Когда я позвонила день спустя, то разговаривала уже словно с другим человеком. Голос Кольма был спокойным и едва ли не равнодушным. Он сказал, что не сможет приехать, потому что для него встреча в подобных обстоятельствах будет мучительной. Он всячески извинялся, но был непреклонен.
Мы расстались, пообещав созвониться после этого события и обсудить произошедшее.

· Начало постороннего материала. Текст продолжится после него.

Lemma pdotBr Z1 Z2 : panel_L2 Z1 -> panel_L2 Z2 ->
  pdot X (fun t w => Z1 t w - Z2 t w) = pdot X Z1 - pdot X Z2.
Proof.
move=> h1 h2; rewrite /pdot -sumrB; apply: eq_big_seq => t ht /=.
by under eq_mean do rewrite mulrBr; rewrite meanB// L1_mul.
Qed.

Lemma pdotZr k Z : panel_L2 Z -> pdot X (fun t w => k * Z t w) = k * pdot X Z.
Proof.
move=> hZ; rewrite /pdot mulr_sumr; apply: eq_big_seq => t ht /=.
by under eq_mean do rewrite mulrCA; rewrite meanZ// L1_mul.
Qed.

Lemma pdot_sumr (I : eqType) (s : seq I) (F : I -> int -> Omega -> R) :
  (forall i, i \in s -> panel_L2 (F i)) ->
  pdot X (fun t w => \sum_(i <- s) F i t w) = \sum_(i <- s) pdot X (F i).
Proof.
move=> hF; rewrite /pdot exchange_big; apply: eq_big_seq => t ht /=.
by under eq_mean do rewrite mulr_sumr; rewrite mean_sum// => i hi; apply: L1_mul => //; apply: hF.
Qed.

End Linearity.

Lemma sqloss_pdot (Yv fit : int -> Omega -> R) : panel_L2 Yv -> panel_L2 fit ->
  sqloss P T Yv fit =
  (pdot (fun t w => Yv t w - fit t w) (fun t w => Yv t w - fit t w))%:E.
Proof.
move=> hY hfit; set r := fun t w => _ - _; have hr : panel_L2 r by exact: panel_L2B.
have r2 t : t \in periods T -> (fun w => r t w ^+ 2) \in Lfun P 1.
  by move=> ht; apply: Lfun2_mul_Lfun1; apply: hr.
rewrite /sqloss -(fineK (expectation_fin_num (Lfun_sum (lee1n 1) _ _ r2))).
by rewrite -/(mean P _) mean_sum.
Qed.

Lemma pdot_sqrB (X Z : int -> Omega -> R) (s : R) : panel_L2 X -> panel_L2 Z ->
  let Y := fun t w => X t w - s * Z t w in
  pdot Y Y = pdot X X - 2 * s * pdot X Z + s ^+ 2 * pdot Z Z.
Proof.
move=> hX hZ Y; have hsZ : panel_L2 (fun t w => s * Z t w) by exact: panel_L2Z.
have hY : panel_L2 Y by exact: panel_L2B.
rewrite pdotBr// pdotZr// !(pdotC Y) !pdotBr// !pdotZr//.
by rewrite (pdotC Z X); ring.
Qed.

Lemma sqloss_min_orth (Yv fit h : int -> Omega -> R) :
  panel_L2 Yv -> panel_L2 fit -> panel_L2 h ->
  (forall s, (sqloss P T Yv fit <= sqloss P T Yv (fun t w => fit t w + s * h t w)%R)%E) ->
  pdot (fun t w => Yv t w - fit t w) h = 0.
Proof.
move=> hY hfit hh hmin; set r := fun t w => _ - _.
have hr : panel_L2 r by exact: panel_L2B.
apply: (@eq0_of_quadratic_ge0 _ _ (pdot h h) (pdot_ge0 h)) => s.
have hfsh := panel_L2D hfit (panel_L2Z s hh).
have := hmin s; rewrite !sqloss_pdot// -/r lee_fin.
have rsh t : t \in periods T -> (fun w => Yv t w - (fit t w + s * h t w)) =1
    (fun w => r t w - s * h t w) by move=> _ w; rewrite /r opprD addrA.
rewrite (eq_pdotl _ rsh) (eq_pdotr _ rsh) pdot_sqrB//.
lra.
Qed.
(* Let $\alpha,\rho>0$ and let $b_f:\mathbb R_+\to(0,\infty)$ be a bounded function decreasing to $0$ on $\mathbb R_+=[0,\infty)$ with $\int_0^\infty b_f(s)s^{d-1}\,ds<\infty$. Let $f,g:\mathbb R^d\to\mathbb R_+$ be measurable, $f$ bounded, such that $f(x)\le b_f(|x|)$ for all $x\in\mathbb R^d$ and $g(x)\ge\alpha$ for all $|x|\le\rho$. Then $$\sup_{x\in\mathbb R^d,\ \eta\in\Gamma}\ \sum_{y\in\eta} f(x-y)\exp\Bigl\{-\sum_{z\in\eta\setminus\{y\}} g(z-y)\Bigr\}<\infty.$$
   Context: $\Gamma$ denotes the set of locally finite subsets $\gamma\subset\mathbb R^d$, i.e. $|\gamma\cap B|<\infty$ for every bounded Borel set $B\subset\mathbb R^d$, where $|\cdot|$ of a finite set is its cardinality; $|x|$ is the Euclidean norm. *)

From Stdlib Require Import Reals Lra List.
From Stdlib Require Fin.
Open Scope R_scope.

Definition point (d : nat) := Fin.t d -> R.

Definition vsub {d} (x y : point d) : point d := fun i => x i - y i.

Fixpoint sqsum (d : nat) : (Fin.t d -> R) -> R :=
  match d return (Fin.t d -> R) -> R with
  | O => fun _ => 0
  | S n => fun v => (v Fin.F1)^2 + sqsum n (fun i => v (Fin.FS i))
  end.

Definition enorm {d} (x : point d) : R := sqrt (sqsum d x).

Definition config (d : nat) := point d -> Prop.

(* locally finite: every bounded set (equivalently every closed ball
   centred at 0) contains only finitely many points of eta *)
Definition locally_finite {d} (eta : config d) : Prop :=
  forall r : R, exists l : list (point d),
    forall y, eta y -> enorm y <= r -> In y l.

Definition sumlist {A} (h : A -> R) (l : list A) : R :=
  fold_right (fun a acc => h a + acc) 0 l.

Definition is_glb (E : R -> Prop) (v : R) : Prop :=
  (forall w, E w -> v <= w) /\ (forall u, (forall w, E w -> u <= w) -> u <= v).

(* v = exp{ - sum_{z in eta \ {y}} g(z-y) } for g >= 0, the (possibly
   infinite) series being the sup of its finite partial sums, with
   exp(-infinity) = 0; i.e. v is the infimum over finite subsets F of
   eta \ {y} of exp{- sum_{z in F} g(z-y)}. *)
Definition expneg_sum {d} (eta : config d) (g : point d -> R) (y : point d)
  (v : R) : Prop :=
  is_glb (fun w => exists F : list (point d),
            NoDup F /\ (forall z, In z F -> eta z /\ z <> y) /\
            w = exp (- sumlist (fun z => g (vsub z y)) F)) v.

(* Tile R^d by cubes of side h = rho / d, so that two points of one cube are at distance at most
   rho and repel each other with g >= alpha.  If the cube of y contains m points of eta, the other
   m - 1 of them push the exponent above alpha (m - 1), so the weight of y is at most
   e^{-alpha (m - 1)} <= (1 + 1/alpha) / m, and each occupied cube contributes at most
   (1 + 1/alpha) b_f((n - 1) h), where n is its distance in cube steps (max norm) to the cube of x.
   At most (2n + 1)^d cubes lie within n steps, so summation by parts bounds the total by
   sum_n b_f((n - 1) h) ((2n + 1)^d - (2n - 1)^d), whose n-th term is a fixed multiple of the
   integral of b_f(s) s^{d-1} over ((n - 2) h, (n - 1) h). *)

From Stdlib Require Import Reals List Lia Lra ZArith ClassicalEpsilon.
From Coquelicot Require Import Coquelicot.
Open Scope R_scope.

Section SumList.
Context {A : Type}.
Implicit Types (h : A -> R) (l : list A).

— Удачи, мама, — быстро сказал сын в конце разговора. — Я думаю, она тебе понадобится.
Глава 36
День семьи наконец наступил. С самого утра среди пациентов клиники ощущалась некая нервозность, которая к середине дня достигла апогея. К счастью, я мало общалась с окружающими, сосредоточившись на себе, так что всеобщая паника меня почти не коснулась. Это означает лишь, что я не носилась по коридорам с сигаретой в зубах, не пила стакан за стаканом ледяной чай и не махала руками, обсуждая с соседями предстоящее событие.
Но внутри у меня все клокотало от возбуждения. Я нервничала ничуть не меньше остальных. Только Господь знал, каким признаниям суждено было слететь с языка моего супруга в присутствии посторонних людей. Единственным утешением было то, что по завершении лечения я никогда больше не увижу этих людей.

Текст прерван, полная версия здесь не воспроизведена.